To most people, economics is a dull science full of statistics and jargon, mainly concerned with money and designed to answer a narrow (but important) set of questions. To economists, economics is a powerful tool for understanding why armies run away, voters are ignorant, and divorce rates rise, as well as solving practical problems such as how not to get mugged. Its theme is not money but reason the implications, especially the nonobvious implications, of the fact that humans act rationally. Or to put it more formally:

Econonomics is that way of understanding behavior that starts from
the assumption that individuals have objectives and tend to choose
the correct way to achieve them.


"Economic rationality" summons up an image of a cold-blooded calculator--perhaps Mr. Spock. But economics is not just for Vulcans; the assumption describes our actions, not our thoughts. If you had to understand something intellectually in order to do it, none of us would be able to walk--as became clear when people started trying to program robot walkers. We learn not through logic alone but by a complicated process of feel, feedback, and intuition.

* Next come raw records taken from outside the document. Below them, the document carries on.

(* Let $A$ be a formula in which the bound variables are pairwise distinct and distinct from the free variables. If the sequent $\vdash A$ (with empty context) has a derivation in LJ$^{+}$, then it also has a derivation in LJB.
   Context: Minimal predicate logic: terms $t ::= x \mid f(t_1,\dots,t_n)$, formulas $A ::= P(t_1,\dots,t_n)\mid A\rightarrow A\mid \forall x\,A$. Positivity: atomic formulas are positive and negative; $A\rightarrow B$ is positive (resp. negative) if $A$ is negative (resp. positive) and $B$ positive (resp. negative); $\forall x\,A$ is positive if $A$ is positive, never negative. A sequent is positive if its context formulas are negative and its right-hand side positive; both calculi below are for positive sequents. LJ$^{+}$: sequents $\Gamma\vdash A$ with $\Gamma$ a finite multiset of formulas, formulas modulo $\alpha$-equivalence; rules (L$\rightarrow$) from $\Gamma, A_1\rightarrow\dots\rightarrow A_n\rightarrow P\vdash A_i$ ($i=1..n$, $n\ge0$) infer $\Gamma, A_1\rightarrow\dots\rightarrow A_n\rightarrow P\vdash P$, $P$ atomic; (R$\forall$) from $\Gamma\vdash A$ infer $\Gamma\vdash\forall x\,A$ if $x$ not free in $\Gamma$; (R$\rightarrow$) from $\Gamma,A\vdash B$ infer $\Gamma\vdash A\rightarrow B$. LJB: an LJB-context is a finite multiset of items; an item is a formula or $[\Gamma]_V$ ($V$ a finite set of variables bound by the bracket, $\Gamma$ an LJB-context); $FV([\Gamma]_V)=FV(\Gamma)\setminus V$. Cleaning rules (anywhere in a context, contexts being multisets): $[I,\Gamma]_V\longrightarrow I,[\Gamma]_V$ if $FV(I)\cap V=\emptyset$; $[\ ]_V\longrightarrow\emptyset$; $I\,I\longrightarrow I$. This system terminates; $\Gamma{\downarrow}$ denotes the normal form of $\Gamma$ obtained with a fixed arbitrary strategy. LJB rules apply only to LJB-sequents $\Gamma\vdash A$ with $\Gamma$ in normal form and in which, in each formula, bound variables are pairwise distinct and distinct from free variables; formulas are not identified modulo $\alpha$. Rules: (L$\rightarrow$) from $\Gamma'\vdash A_1,\dots,\Gamma'\vdash A_n$ infer $\Gamma\vdash P$, where $\Gamma=\Gamma_1,[\Gamma_2,[\dots\Gamma_{i-1},[\Gamma_i, A_1\rightarrow\dots\rightarrow A_n\rightarrow P]_{V_{i-1}}\dots]_{V_2}]_{V_1}$ ($i\ge1$), $\Gamma'=([\dots[[\Gamma_1]_{V_1},\Gamma_2]_{V_2},\dots,\Gamma_{i-1}]_{V_{i-1}},\Gamma_i,A_1\rightarrow\dots\rightarrow A_n\rightarrow P){\downarrow}$, $P$ atomic with no free variable in $V_1\cup\dots\cup V_{i-1}$; (R$\forall$) from $[\Gamma]_V{\downarrow}\vdash A$ infer $\Gamma\vdash\forall x\,A$, where $V$ is the set of all variables bound in $\forall x\,A$; (R$\rightarrow$) from $(\Gamma,A){\downarrow}\vdash B$ infer $\Gamma\vdash A\rightarrow B$. *)

From Stdlib Require Import List Permutation Relations.
Import ListNotations.

Inductive term : Type :=
| Var (x : nat)
| Fn (f : nat) (ts : list term).

Inductive form : Type :=
| Atom (p : nat) (ts : list term)
| Imp (A B : form)
| All (x : nat) (A : form).

Inductive FreeT (x : nat) : term -> Prop :=
| FreeT_var : FreeT x (Var x)
| FreeT_fn f ts t : In t ts -> FreeT x t -> FreeT x (Fn f ts).

Fixpoint free (x : nat) (A : form) : Prop :=
  match A with
  | Atom _ ts => exists t, In t ts /\ FreeT x t
  | Imp A B => free x A \/ free x B
  | All y A => x <> y /\ free x A
  end.

Fixpoint bound (A : form) : list nat :=
  match A with
  | Atom _ _ => []
  | Imp A B => bound A ++ bound B
  | All x A => x :: bound A
  end.

Definition bvc (A : form) : Prop :=
  NoDup (bound A) /\ (forall x, In x (bound A) -> ~ free x A).

Fixpoint pos (A : form) : Prop :=
  match A with
  | Atom _ _ => True
  | Imp A B => neg A /\ pos B
  | All _ A => pos A
  end
with neg (A : form) : Prop :=
  match A with
  | Atom _ _ => True
  | Imp A B => pos A /\ neg B
  | All _ _ => False
  end.

Definition chain (As : list form) (P : form) : form := fold_right Imp P As.

(** * Alpha-equivalence (bound variables compared by binder position). *)
Fixpoint idx (x : nat) (l : list nat) : option nat :=
  match l with
  | [] => None
  | y :: l' => if Nat.eqb x y then Some 0
               else match idx x l' with Some n => Some (S n) | None => None end
  end.

Inductive alphaT (l1 l2 : list nat) : term -> term -> Prop :=
| alphaT_var x y : idx x l1 = idx y l2 -> (idx x l1 = None -> x = y) ->
    alphaT l1 l2 (Var x) (Var y)
| alphaT_fn f ts us : Forall2 (alphaT l1 l2) ts us -> alphaT l1 l2 (Fn f ts) (Fn f us).

Inductive alphaF : list nat -> list nat -> form -> form -> Prop :=
| alphaF_atom l1 l2 p ts us : Forall2 (alphaT l1 l2) ts us ->
    alphaF l1 l2 (Atom p ts) (Atom p us)
| alphaF_imp l1 l2 A B A' B' : alphaF l1 l2 A A' -> alphaF l1 l2 B B' ->
    alphaF l1 l2 (Imp A B) (Imp A' B')
| alphaF_all l1 l2 x y A B : alphaF (x :: l1) (y :: l2) A B ->
    alphaF l1 l2 (All x A) (All y B).

Definition alpha (A B : form) : Prop := alphaF [] [] A B.

(** * LJ+ : contexts are lists (read as multisets), formulas modulo alpha. *)
Inductive ljp : list form -> form -> Prop :=
| ljp_L Γ As p ts :
    In (chain As (Atom p ts)) Γ ->
    (forall Ai, In Ai As -> ljp Γ Ai) ->
    ljp Γ (Atom p ts)
| ljp_Rall Γ x A :
    (forall B, In B Γ -> ~ free x B) ->
    ljp Γ A -> ljp Γ (All x A)
| ljp_Rimp Γ A B :
    ljp (A :: Γ) B -> ljp Γ (Imp A B)
| ljp_alpha Γ A A' : alpha A A' -> ljp Γ A -> ljp Γ A'
| ljp_alpha_ctx Γ Γ' A : Forall2 alpha Γ Γ' -> ljp Γ A -> ljp Γ' A.

(** Items: a formula, or a bracket [Γ]_V. *)
Inductive item : Type :=
| IF (A : form)
| IB (V : list nat) (G : list item).

Definition ctx := list item.

(** Equality of items as (nested) multisets, V read as a set. *)
Inductive item_eq : item -> item -> Prop :=
| ieq_F A : item_eq (IF A) (IF A)
| ieq_B V V' G G' G'' :
    (forall x, In x V <-> In x V') ->
    Permutation G' G'' -> Forall2 item_eq G G'' ->
    item_eq (IB V G) (IB V' G').

Definition ctx_eq (G G' : ctx) : Prop :=
  exists G'', Permutation G' G'' /\ Forall2 item_eq G G''.

Inductive FreeI (x : nat) : item -> Prop :=
| FreeI_F A : free x A -> FreeI x (IF A)
| FreeI_B V G I : ~ In x V -> In I G -> FreeI x I -> FreeI x (IB V G).

Inductive OccF (A : form) : item -> Prop :=
| OccF_F : OccF A (IF A)
| OccF_B V G I : In I G -> OccF A I -> OccF A (IB V G).

Inductive cstep : ctx -> ctx -> Prop :=
| cs_pull G1 G2 V D1 D2 I :
    (forall x, In x V -> ~ FreeI x I) ->
    cstep (G1 ++ IB V (D1 ++ I :: D2) :: G2) (G1 ++ I :: IB V (D1 ++ D2) :: G2)
| cs_empty G1 G2 V :
    cstep (G1 ++ IB V [] :: G2) (G1 ++ G2)
| cs_dup G1 G2 G3 I J :
    item_eq I J ->
    cstep (G1 ++ I :: G2 ++ J :: G3) (G1 ++ I :: G2 ++ G3)
| cs_in G1 G2 V D D' :
    cstep D D' -> cstep (G1 ++ IB V D :: G2) (G1 ++ IB V D' :: G2).

Definition normal (G : ctx) : Prop := forall G', ~ cstep G G'.

Definition nf_strategy (nf : ctx -> ctx) : Prop :=
  (forall G, exists G', clos_refl_trans ctx cstep G G' /\ ctx_eq G' (nf G)) /\
  (forall G, normal (nf G)) /\
  (forall G G', ctx_eq G G' -> ctx_eq (nf G) (nf G')).

Definition ljb_seq (G : ctx) (A : form) : Prop :=
  normal G /\ (forall I B, In I G -> OccF B I -> bvc B) /\ bvc A.

(** [lfocus acc G F G' W]: G = G1,[G2,[...,[Gi,F]_{V_{i-1}}...]_{V2}]_{V1} (with acc
    the already reorganised outer part, initially empty), G' is
    [...[[G1]_{V1},G2]_{V2},...,G_{i-1}]_{V_{i-1}},Gi,F  (before normalisation),
    and W = V1 ∪ ... ∪ V_{i-1}. *)
Inductive lfocus : ctx -> ctx -> form -> ctx -> list nat -> Prop :=
| lf_here acc G F Gi :
    Permutation G (IF F :: Gi) ->
    lfocus acc G F (acc ++ Gi ++ [IF F]) []
| lf_deeper acc G F V D Gj res W :
    Permutation G (IB V D :: Gj) ->
    lfocus [IB V (acc ++ Gj)] D F res W ->
    lfocus acc G F res (V ++ W).

Inductive ljb (nf : ctx -> ctx) : ctx -> form -> Prop :=
| ljb_L G As p ts G0 W :
    ljb_seq G (Atom p ts) ->
    lfocus [] G (chain As (Atom p ts)) G0 W ->
    (forall x, In x W -> ~ free x (Atom p ts)) ->
    (forall Ai, In Ai As -> ljb nf (nf G0) Ai) ->
    ljb nf G (Atom p ts)
| ljb_Rall G x A :
    ljb_seq G (All x A) ->
    ljb nf (nf [IB (bound (All x A)) G]) A ->
    ljb nf G (All x A)
| ljb_Rimp G A B :
    ljb_seq G (Imp A B) ->
    ljb nf (nf (G ++ [IF A])) B ->
    ljb nf G (Imp A B).

(* Simulate an LJ+ derivation of [Γ ⊢ C'] rule by rule by LJB
   derivations of sequents [G ⊢ C0] in which each formula occurrence of [G] and
   the goal [C0] is tagged with renamings [r] exhibiting it as alpha-equivalent,
   after renaming its free variables by [r], to a formula of [Γ] (resp. to [C']).
   The invariant is coherence: two free variables that tags send to the same
   LJ+ variable are syntactically equal and captured by no bracket except those
   enclosing both occurrences.  Cleaning preserves coherence, since pulling items
   out of brackets and merging duplicates only weaken constraints and merge
   tags; (R∀) preserves it because the LJ+ eigenvariable is fresh and the other
   free variables of [∀x A] are not bound in it; and coherence is exactly what
   (L→) needs: the atom that LJ+ matches with the goal modulo alpha is then
   syntactically the goal, and no bracket crossed to reach the focused formula
   captures its variables. *)

From Stdlib Require Import List Permutation Relations Arith Lia.
Import ListNotations.

Lemma Forall2_In_l {A B} (R : A -> B -> Prop) l1 l2 a :
  Forall2 R l1 l2 -> In a l1 -> exists b, In b l2 /\ R a b.
Proof.
  induction 1 as [|a' b' l1 l2 Hab _ IH]; simpl; [tauto|]. intros [<-|Ha].
  - eauto.
  - destruct (IH Ha) as (b & ? & ?); eauto.
Qed.

Lemma Forall2_In_r {A B} (R : A -> B -> Prop) l1 l2 b :
  Forall2 R l1 l2 -> In b l2 -> exists a, In a l1 /\ R a b.
Proof.
  induction 1 as [|a' b' l1 l2 Hab _ IH]; simpl; [tauto|]. intros [<-|Hb].
  - eauto.
  - destruct (IH Hb) as (a & ? & ?); eauto.
Qed.

Lemma Forall2_compose {A B C} (P : A -> B -> Prop) (Q : B -> C -> Prop) (R : A -> C -> Prop)
  l1 l2 l3 : Forall2 P l1 l2 -> Forall2 Q l2 l3 ->
  (forall a b c, In a l1 -> P a b -> Q b c -> R a c) -> Forall2 R l1 l3.
Proof.
  intros H; revert l3; induction H; intros l3 H2 HR; inversion H2; subst; constructor.
  - eapply HR; eauto. left; auto.
  - apply IHForall2; auto. intros; eapply HR; eauto. right; auto.
Qed.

There are lots of ways to behave rationally without reasoning your way to it. Whether or not you have logically deduced that in order to live you must eat, if you don't eat you won't be around long to have your behavior analyzed by economists. So evolution is one source of rational behavior. Trial and error is another. I have never run a map of Santa Clara County through my computer, but I think I know theshortest way home from my office.

For a familiar example of rational behavior without reasoning, consider the situation of an infant--with only one too] available for achieving his objectives. When he is hungry or wet, he makes loud and unpleasant noises--giving any adults in the vicinity an incentive to deal with the problem. I doubt that babies think through the logic of their situation--but they take the action most likely to achieve their ends.

Babies are rational. So are cats. If you insist on reading the newspaper when you should be petting your cat, the cat solves the problem by lying down on the paper. I don't know if that tactic is the product of calculation or trial and error--but it works.

In order to get very far with economics, one must assume not only that people have objectives but that their objectives are reasonably simple. Without that assumption, economics becomes an empty theory; any behavior, however peculiar, can be explained by assuming that the behavior itself was the objective. (Why did I stand on my head on the table while holding a burning $1,000 bill between my toes? I wanted to stand on my head on the table while holding a burning $1,000 bill between my toes.)

Why Economics Might Work

Economics is based on the assumptions that people have reasonably simple objectives and choose the correct means to achieve them. Both assumptions are false--but useful.

Suppose someone is rational only half the time. Since there is generally one right way of doing things and many wrong ways, the rational behavior can be predicted but the irrational cannot. If we assume he is rational, we predict his behavior correctly about half the time--far from perfect, but a lot better than nothing. If I could do that well at the racetrack I would be a very rich man.

One summer, a colleague asked me why I had not bought a parking permit. I replied that not having a convenient place to park made me more likely to ride my bike. He accused me of inconsistency: As a believer in rationality, I should be able to make the correct choice between sloth and exercise without first rigging the game. My response was that rationality is an assumption I make about other people. I know myself well enough to allow for the consequences of my own irrationality. But for the vast mass of my fellow humans, about whom I know very little, rationality is the best predictive assumption available.

One reason to assume rationality is that it predicts behavior better than any alternative assumption. Another is that, when predicting a market or a mob, what matters is not the behavior of a single individual but the summed behavior of many. If irrational behavior is random, its effects may average out.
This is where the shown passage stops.